When a mixing engineer "mixes" a track, each track (or instrument) tends to be: 1) adjusted to an appropriate volume relative to other tracks (forward/backward), panned or spread left/right (usually more stereo "width" on the higher frequency sounds), and "equalized" to narrow and manipulate the band of frequencies coming through to the master mix from that track (it's common to cut out some of the harmonics either side of the fundamental of one instrument to leave "space" for another instrument competing for the same frequency range).

So now, even with a final, mastered track, we could apply various filters to de-mix fairly easily if the mixing engineer has left a good amount of "space" in between the elements in this stereo image. If our bass is always under 150 Hz and every other element is above 200 Hz, a simple low pass will grab the bass (and likely also the kick drum, if there is one). But we could also use a "gate" to only allow a signal of a certain magnitude (volume) through to isolate that kick hit, or the inverse to exclude the kick and just get the bass sound. A band-pass could do a decent job on a guitar or vocal track, but will also grab background noise from other tracks sharing the same frequency range. More complicated techniques could be used to isolate things that have been panned left or right of center based on comparison between the left and right stereo channels of the mix.

These techniques won't be as universally useful as the approach in this article, but for certain tracks or sections of tracks, can give very good results very quickly. More tracks and effects like reverb and distortion make all of this more difficult to do with simpler techniques.

vonseel7y ago

I think you’re overestimating how independent each instruments section of the frequency spectrum is, even after mixing engineers cutting EQ to make places like you said.

The reality is, even instruments like kick drum or bass guitar have significant tonal content above 200hz, much of it overlapping with the guitar and vocal ranges.

nabla97y ago

>using the fact that they were "placed" on different spot in the stereo plane.

From the description it looks like they used FastICA. https://en.wikipedia.org/wiki/FastICA

The traditional is faster and less recourse intensive. This approach is just showing that it can be done at this point.

hooloovoo_zoo7y ago

Historically, one approach has been independent component analysis (https://en.wikipedia.org/wiki/Independent_component_analysis).

meatsock7y ago

you can compare the L and R channels to each other to separate signals out of a stereo field. https://cycling74.com/forums/separating-stereo-segments-poss...

emcq7y ago· 7 in thread

What motivates people to invent phrases like "perceptual binarization" when googling "audio binary mask" literally gives you citations in the field that have been doing this for years?
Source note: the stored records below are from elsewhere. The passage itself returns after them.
(* The extended Rota-Baxter algebra $(\text{Ш}_e(\mathbf{k}),\diamond,P_{\mathbf{k}})$ of weight $(\lambda,\kappa)$ is the initial object in the category of commutative extended Rota-Baxter algebras of weight $(\lambda,\kappa)$: for any commutative extended Rota-Baxter algebra $(R,P)$ of weight $(\lambda,\kappa)$ there exists a unique extended Rota-Baxter algebra homomorphism $\bar f:(\text{Ш}_e(\mathbf{k}),\diamond,P_{\mathbf{k}})\to(R,P)$.
   Context: $\mathbf{k}$ is a commutative unitary ring, $\lambda,\kappa\in\mathbf{k}$. An extended Rota-Baxter operator of weight $(\lambda,\kappa)$ on an algebra $R$ is a linear $P:R\to R$ with $P(x)P(y)=P(xP(y))+P(P(x)y)+\lambda P(xy)+\kappa xy$; homomorphisms are algebra homomorphisms commuting with the operators. $\text{Ш}_e(\mathbf{k})=\bigoplus_{n\ge0}\mathbf{k}\,\mathbf{1}^{\otimes(n+1)}$ with product $\mathbf{1}^{\otimes(m+1)}\diamond\mathbf{1}^{\otimes(n+1)}=\sum_{r=0}^{\min\{m,n\}}\sum_{i=0}^{r}\binom{m+n-r}{m}\binom{m}{r}\binom{r}{i}\lambda^{r-i}\kappa^i\mathbf{1}^{\otimes(m+n+1-r-i)}$, and $P_{\mathbf{k}}(\mathbf{1}^{\otimes n})=\mathbf{1}^{\otimes (n+1)}$. This is the free commutative extended Rota-Baxter algebra of weight $(\lambda,\kappa)$ on $\mathbf{k}$. *)

From HB Require Import structures.
From mathcomp Require Import all_boot all_order all_algebra.
Set Implicit Arguments. Unset Strict Implicit. Unset Printing Implicit Defensive.
Import GRing.Theory.
Local Open Scope ring_scope.

(* Ш_e(k) = ⊕_{n>=0} k 1^{⊗(n+1)} is represented by the free k-module
   {poly k}: the basis element 1^{⊗(n+1)} is encoded by 'X^n.
   The (polynomial) ring structure of {poly k} is NOT used as the algebra
   structure; only its k-module structure is.  The product of Ш_e(k) is
   [sha_mul] below, and its unit is 1^{⊗1} = 'X^0 = 1. *)

Section ShaE.
Variables (k : comNzRingType) (lambda kappa : k).

Definition sha_basis_mul (m n : nat) : {poly k} :=
  \sum_(r < (minn m n).+1) \sum_(i < r.+1)
     (('C(m + n - r, m) * 'C(m, r) * 'C(r, i))%:R
        * lambda ^+ (r - i) * kappa ^+ i) *: 'X^(m + n - r - i).

Definition sha_mul (p q : {poly k}) : {poly k} :=
  \sum_(i < size p) \sum_(j < size q) (p`_i * q`_j) *: sha_basis_mul i j.

(* P_k (1^{⊗ n}) = 1^{⊗(n+1)}, i.e. 'X^(n-1) |-> 'X^n, extended linearly *)
Definition sha_P (p : {poly k}) : {poly k} := p * 'X.

Definition is_ext_RB_operator (R : comAlgType k) (P : R -> R) : Prop :=
  linear P /\
  forall x y : R,
    P x * P y = P (x * P y) + P (P x * y) + lambda *: P (x * y) + kappa *: (x * y).

Definition is_ext_RB_hom_from_sha (R : comAlgType k) (P : R -> R)
    (f : {poly k} -> R) : Prop :=
  [/\ linear f,
      f 1 = 1,
      (forall p q, f (sha_mul p q) = f p * f q)
    & (forall p, f (sha_P p) = P (f p))].

End ShaE.

(* A homomorphism (Ш_e(k), ⋄, P_k) -> (R, P)
   must send the unit 'X^0 to 1 and commute with the operators, so it sends
   'X^n to P^n(1); being linear, it is determined by these values.  For
   existence, take the linear map f : 'X^n |-> P^n(1).  Writing the product
   formula as
     'X^m ⋄ 'X^n = \sum_r 'C(m+n-r, m) 'C(m, r) 'X^(m-r) 'X^(n-r) (λ'X + κ)^r,
   a Pascal-type recurrence for the coefficients gives
     'X^(m+1) ⋄ 'X^(n+1) = 'X ('X^m ⋄ 'X^(n+1)) + 'X ('X^(m+1) ⋄ 'X^n)
                           + (λ'X + κ) ('X^m ⋄ 'X^n),
   which f maps to the Rota-Baxter identity for x = P^m(1), y = P^n(1).
   Hence f ('X^m ⋄ 'X^n) = P^m(1) P^n(1) by induction, and f is
   multiplicative by bilinearity. *)

From HB Require Import structures.
From mathcomp Require Import all_boot all_order all_algebra.
From mathcomp Require Import ring zify.
Set Implicit Arguments. Unset Strict Implicit. Unset Printing Implicit Defensive.
Import GRing.Theory.
Local Open Scope ring_scope.

Definition sha_coef (m n r : nat) : nat := 'C(m + n - r, m) * 'C(m, r).

Lemma sha_coef_small_l m n r : (m < r)%N -> sha_coef m n r = 0%N.
Proof. by move=> ltmr; rewrite /sha_coef (@bin_small m r) // muln0. Qed.

Lemma sha_coef_small_r m n r : (n < r)%N -> sha_coef m n r = 0%N.
Proof.
move=> ltnr; have [ltm|lem] := ltnP (m + n - r) m.
  by rewrite /sha_coef bin_small.
by rewrite sha_coef_small_l //; lia.
Qed.

Lemma sha_coefS0 m n :
  sha_coef m.+1 n.+1 0 = (sha_coef m n.+1 0 + sha_coef m.+1 n 0)%N.
Proof. by rewrite /sha_coef !bin0 !muln1 !subn0 addSn addnS binS addnC. Qed.

Lemma sha_coefS m n r :
  sha_coef m.+1 n.+1 r.+1 =
    (sha_coef m n.+1 r.+1 + sha_coef m.+1 n r.+1 + sha_coef m n r)%N.
Proof.
have [lerm|ltmr] := leqP r m; last first.
  by rewrite !sha_coef_small_l //; lia.
rewrite /sha_coef.
have -> : (m.+1 + n.+1 - r.+1 = (m + n - r).+1)%N by lia.
have -> : (m + n.+1 - r.+1 = m + n - r)%N by lia.
have -> : (m.+1 + n - r.+1 = m + n - r)%N by lia.
rewrite binS [in RHS]binS binS; ring.
Qed.

Lemma sum_ord_trunc (V : nmodType) (M N : nat) (F : nat -> V) :
  (M <= N)%N -> (forall r, (M <= r)%N -> F r = 0) ->
  \sum_(r < N) F r = \sum_(r < M) F r.
Proof.
move=> leMN F0; rewrite -!(big_mkord xpredT) (@big_cat_nat _ _ _ M) //=.
rewrite [X in _ + X]big1_seq ?addr0 // => r /andP[_].
by rewrite mem_index_iota => /andP[/F0].
Qed.

Section ShaProduct.
Variables (k : comNzRingType) (lambda kappa : k).

Definition sha_weight : {poly k} := lambda *: 'X + kappa%:P.

Definition sha_term (m n r : nat) : {poly k} :=
  (sha_coef m n r)%:R *: ('X^(m - r) * 'X^(n - r) * sha_weight ^+ r).

Definition sha_prod (m n : nat) : {poly k} := \sum_(r < m.+1) sha_term m n r.

Lemma sha_term_small_l m n r : (m < r)%N -> sha_term m n r = 0.
Proof. by move=> ltmr; rewrite /sha_term sha_coef_small_l // scale0r. Qed.

Lemma sha_term_small_r m n r : (n < r)%N -> sha_term m n r = 0.
Proof. by move=> ltnr; rewrite /sha_term sha_coef_small_r // scale0r. Qed.

Lemma sha_prod_widen N m n : (m < N)%N -> \sum_(r < N) sha_term m n r = sha_prod m n.
Proof. by move=> ltmN; apply: sum_ord_trunc => // r; apply: sha_term_small_l. Qed.

Lemma sha_prod0n n : sha_prod 0 n = 'X^n.
Proof.
by rewrite /sha_prod big_ord1 /sha_term /sha_coef !subn0 bin0 binn scale1r mul1r mulr1.
Qed.

Lemma sha_prodm0 m : sha_prod m 0 = 'X^m.
Proof.
rewrite /sha_prod (@sum_ord_trunc _ 1) // => [|r]; last exact: sha_term_small_r.
by rewrite big_ord1 /sha_term /sha_coef !subn0 addn0 bin0 binn scale1r !mulr1.
Qed.

Lemma mulX_sha_term_l m n r :
  'X * sha_term m n.+1 r.+1 =
    (sha_coef m n.+1 r.+1)%:R *: ('X^(m - r) * 'X^(n - r) * sha_weight ^+ r.+1).
Proof.
have [ltrm|lemr] := ltnP r m; last first.
  by rewrite sha_term_small_l ?sha_coef_small_l ?scale0r ?mulr0 //; lia.
have -> : (m - r = (m - r.+1).+1)%N by lia.
by rewrite /sha_term subSS [in RHS]exprS -!mul_polyC; ring.
Qed.

Lemma mulX_sha_term_r m n r :
  'X * sha_term m.+1 n r.+1 =
    (sha_coef m.+1 n r.+1)%:R *: ('X^(m - r) * 'X^(n - r) * sha_weight ^+ r.+1).
Proof.
have [ltrn|lenr] := ltnP r n; last first.
  by rewrite sha_term_small_r ?sha_coef_small_r ?scale0r ?mulr0 //; lia.
have -> : (n - r = (n - r.+1).+1)%N by lia.
by rewrite /sha_term subSS [in RHS]exprS -!mul_polyC; ring.
Qed.

Lemma sha_termS0 m n :
  sha_term m.+1 n.+1 0 = 'X * sha_term m n.+1 0 + 'X * sha_term m.+1 n 0.
Proof.
by rewrite /sha_term !subn0 sha_coefS0 natrD -!mul_polyC rmorphD /= !exprS; ring.
Qed.

Lemma sha_termS m n r :
  sha_term m.+1 n.+1 r.+1 =
    'X * sha_term m n.+1 r.+1 + 'X * sha_term m.+1 n r.+1 + sha_weight * sha_term m n r.
Proof.
rewrite mulX_sha_term_l mulX_sha_term_r /sha_term !subSS sha_coefS !natrD !scalerDl.
by congr (_ + _); rewrite exprS -!mul_polyC; ring.
Qed.

Lemma sha_prodS m n :
  sha_prod m.+1 n.+1 =
    'X * sha_prod m n.+1 + 'X * sha_prod m.+1 n + sha_weight * sha_prod m n.
Proof.
rewrite -(@sha_prod_widen m.+2 m n.+1) // /sha_prod big_ord_recl sha_termS0.
under eq_bigr => i _ do rewrite sha_termS.
rewrite !big_split /= -!mulr_sumr !(big_ord_recl m.+1) /= !mulrDr; ring.
Qed.

Lemma sha_basis_mulE m n : sha_basis_mul lambda kappa m n = sha_prod m n.
Proof.
rewrite /sha_prod (@sum_ord_trunc _ (minn m n).+1) ?ltnS ?geq_minl //; last first.
  move=> r; rewrite ltnNge leq_min negb_and -!ltnNge.
  by case/orP; [apply: sha_term_small_l | apply: sha_term_small_r].
rewrite /sha_basis_mul; apply: eq_bigr => -[r /=].
rewrite ltnS leq_min => /andP[lerm lern] _.
rewrite /sha_term /sha_weight exprDn mulr_sumr scaler_sumr.
apply: eq_bigr => -[i /= ltir] _.
have -> : (m + n - r - i = (m - r) + (n - r) + (r - i))%N by lia.
rewrite !exprD exprZn -!mul_polyC -mulr_natr /sha_coef !natrM !rmorphM /=.
rewrite !rmorph_nat !rmorphXn /=; ring.
Qed.

End ShaProduct.

Lemma poly_linear_eq (k : comNzRingType) (V : lmodType k) (f g : {poly k} -> V) :
  linear f -> linear g -> (forall n, f 'X^n = g 'X^n) -> f =1 g.
Proof.
move=> f_linear g_linear fgX p.
pose F : {linear {poly k} -> V} := HB.pack f (GRing.isLinear.Build _ _ _ _ f f_linear).
pose G : {linear {poly k} -> V} := HB.pack g (GRing.isLinear.Build _ _ _ _ g g_linear).
rewrite -[p]coefK poly_def -[f _]/(F _) -[g _]/(G _) !linear_sum.
by apply: eq_bigr => i _; rewrite !linearZ /= fgX.
Qed.

Section ShaEval.
Variables (k : comNzRingType) (lambda kappa : k) (R : comAlgType k) (P : R -> R).

Definition sha_eval (p : {poly k}) : R := \sum_(i < size p) p`_i *: iter i P 1.

Lemma sha_eval_widen N (p : {poly k}) :
  (size p <= N)%N -> sha_eval p = \sum_(i < N) p`_i *: iter i P 1.
Proof.
move=> le_pN; symmetry.
apply: (sum_ord_trunc (F := fun i => p`_i *: iter i P 1)) => // i le_pi.
by rewrite nth_default ?scale0r.
Qed.

Lemma sha_eval_linear : linear sha_eval.
Proof.
move=> a p q; set N := maxn (size p) (size q).
have le_pN : (size p <= N)%N by apply: leq_maxl.
have le_qN : (size q <= N)%N by apply: leq_maxr.
have le_sN : (size (a *: p + q)%R <= N)%N.
  rewrite (leq_trans (size_polyD _ _)) // geq_max le_qN andbT.
  exact: leq_trans (size_scale_leq _ _) le_pN.
rewrite (sha_eval_widen le_sN) (sha_eval_widen le_pN) (sha_eval_widen le_qN).
rewrite scaler_sumr -big_split.
by apply: eq_bigr => i _; rewrite coefD coefZ scalerDl scalerA.
Qed.

HB.instance Definition _ :=
  GRing.isLinear.Build k {poly k} R *:%R sha_eval sha_eval_linear.

Lemma sha_evalXn n : sha_eval 'X^n = iter n P 1.
Proof.
rewrite /sha_eval size_polyXn big_ord_recr /= coefXn eqxx scale1r big1 ?add0r //.
by move=> i _; rewrite coefXn /= ltn_eqF ?scale0r.
Qed.

Hypothesis P_RB : is_ext_RB_operator lambda kappa P.

Lemma sha_evalMX p : sha_eval (p * 'X) = P (sha_eval p).
Proof.
have [PZ PD] := GRing.semilinear_linear (proj1 P_RB).
apply: (@poly_linear_eq _ _ (fun p => sha_eval (p * 'X)) (P \o sha_eval))
  => [a q r|a q r|n] /=.
- by rewrite mulrDl -scalerAl linearP.
- by rewrite linearP PD PZ.
- by rewrite -exprSr !sha_evalXn.
Qed.

Lemma sha_eval_prod m n :
  sha_eval (sha_prod lambda kappa m n) = iter m P 1 * iter n P 1.
Proof.
elim: m n => [|m IHm] n; first by rewrite sha_prod0n sha_evalXn mul1r.
elim: n => [|n IHn]; first by rewrite sha_prodm0 sha_evalXn mulr1.
have weightM B : sha_weight lambda kappa * B = lambda *: (B * 'X) + kappa *: B.
  by rewrite mulrDl -scalerAl mul_polyC mulrC.
rewrite sha_prodS weightM ![('X * _)]mulrC !linearD !linearZ /= !sha_evalMX !IHm IHn.
by rewrite !iterS (proj2 P_RB) -!addrA.
Qed.

Lemma sha_eval_mul p q :
  sha_eval (sha_mul lambda kappa p q) = sha_eval p * sha_eval q.
Proof.
rewrite /sha_mul linear_sum [sha_eval p]/sha_eval [sha_eval q]/sha_eval mulr_suml.
apply: eq_bigr => i _.
rewrite linear_sum mulr_sumr; apply: eq_bigr => j _.
by rewrite linearZ sha_basis_mulE /= sha_eval_prod -scalerAl -scalerAr scalerA.
Qed.

Lemma sha_eval_is_hom : is_ext_RB_hom_from_sha lambda kappa P sha_eval.
Proof.
split; [exact: sha_eval_linear | | exact: sha_eval_mul | exact: sha_evalMX].
by rewrite -(expr0 'X) sha_evalXn.
Qed.

End ShaEval.

Lemma ext_RB_hom_from_shaXn (k : comNzRingType) (lambda kappa : k)
    (R : comAlgType k) (P : R -> R) (g : {poly k} -> R) n :
  is_ext_RB_hom_from_sha lambda kappa P g -> g 'X^n = iter n P 1.
Proof.
case=> _ g1 _ gP; elim: n => [|n IHn]; first by rewrite expr0 g1.
by rewrite exprSr -/(sha_P _) gP IHn.
Qed.

Theorem corollary3p5 (k : comNzRingType) (lambda kappa : k)
    (R : comAlgType k) (P : R -> R) :
  is_ext_RB_operator lambda kappa P ->
  exists f : {poly k} -> R,
    is_ext_RB_hom_from_sha lambda kappa P f /\
    (forall g : {poly k} -> R,
        is_ext_RB_hom_from_sha lambda kappa P g -> forall x, g x = f x).
Proof.
move=> P_RB; exists (sha_eval P); split; first exact: sha_eval_is_hom.
move=> g g_hom; have [g_linear _ _ _] := g_hom.
apply: poly_linear_eq => // [|n]; first exact: sha_eval_linear.
by rewrite (ext_RB_hom_from_shaXn n g_hom) sha_evalXn.
Qed.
For example, 2009 musical sound separation based on binary time frequency masking.

Or more recent stuff using deep learning. Also the field generally prefers ratio masks because they lead to better sounding output.

avian7y ago

I know from my own experience that it's possible to dig yourself quite deep into some niche research field without realizing that there's an existing body of knowledge about it. If you or nobody else in your research circle knows the right keywords to enter into search fields it's really easy to overlook piles of published papers.

I want to say things were different back when we relied more on human librarians in searching for literature, but unfortunately history is full of cases where people independently discovered the same things as well.

brianberns7y ago

One extreme amusing/alarming example of this: “A Mathematical Model for the Determination of Total Area Under Glucose Tolerance and Other Metabolic Curves”

https://academia.stackexchange.com/questions/9602/rediscover...

ska7y ago

My approach to avoid this is always to try and find a recent and well written Masters or Ph.D thesis in the area. You can't always find them of course, but if you do they tend to have pretty good context and a more detailed bibliography than you'll find elsewhere.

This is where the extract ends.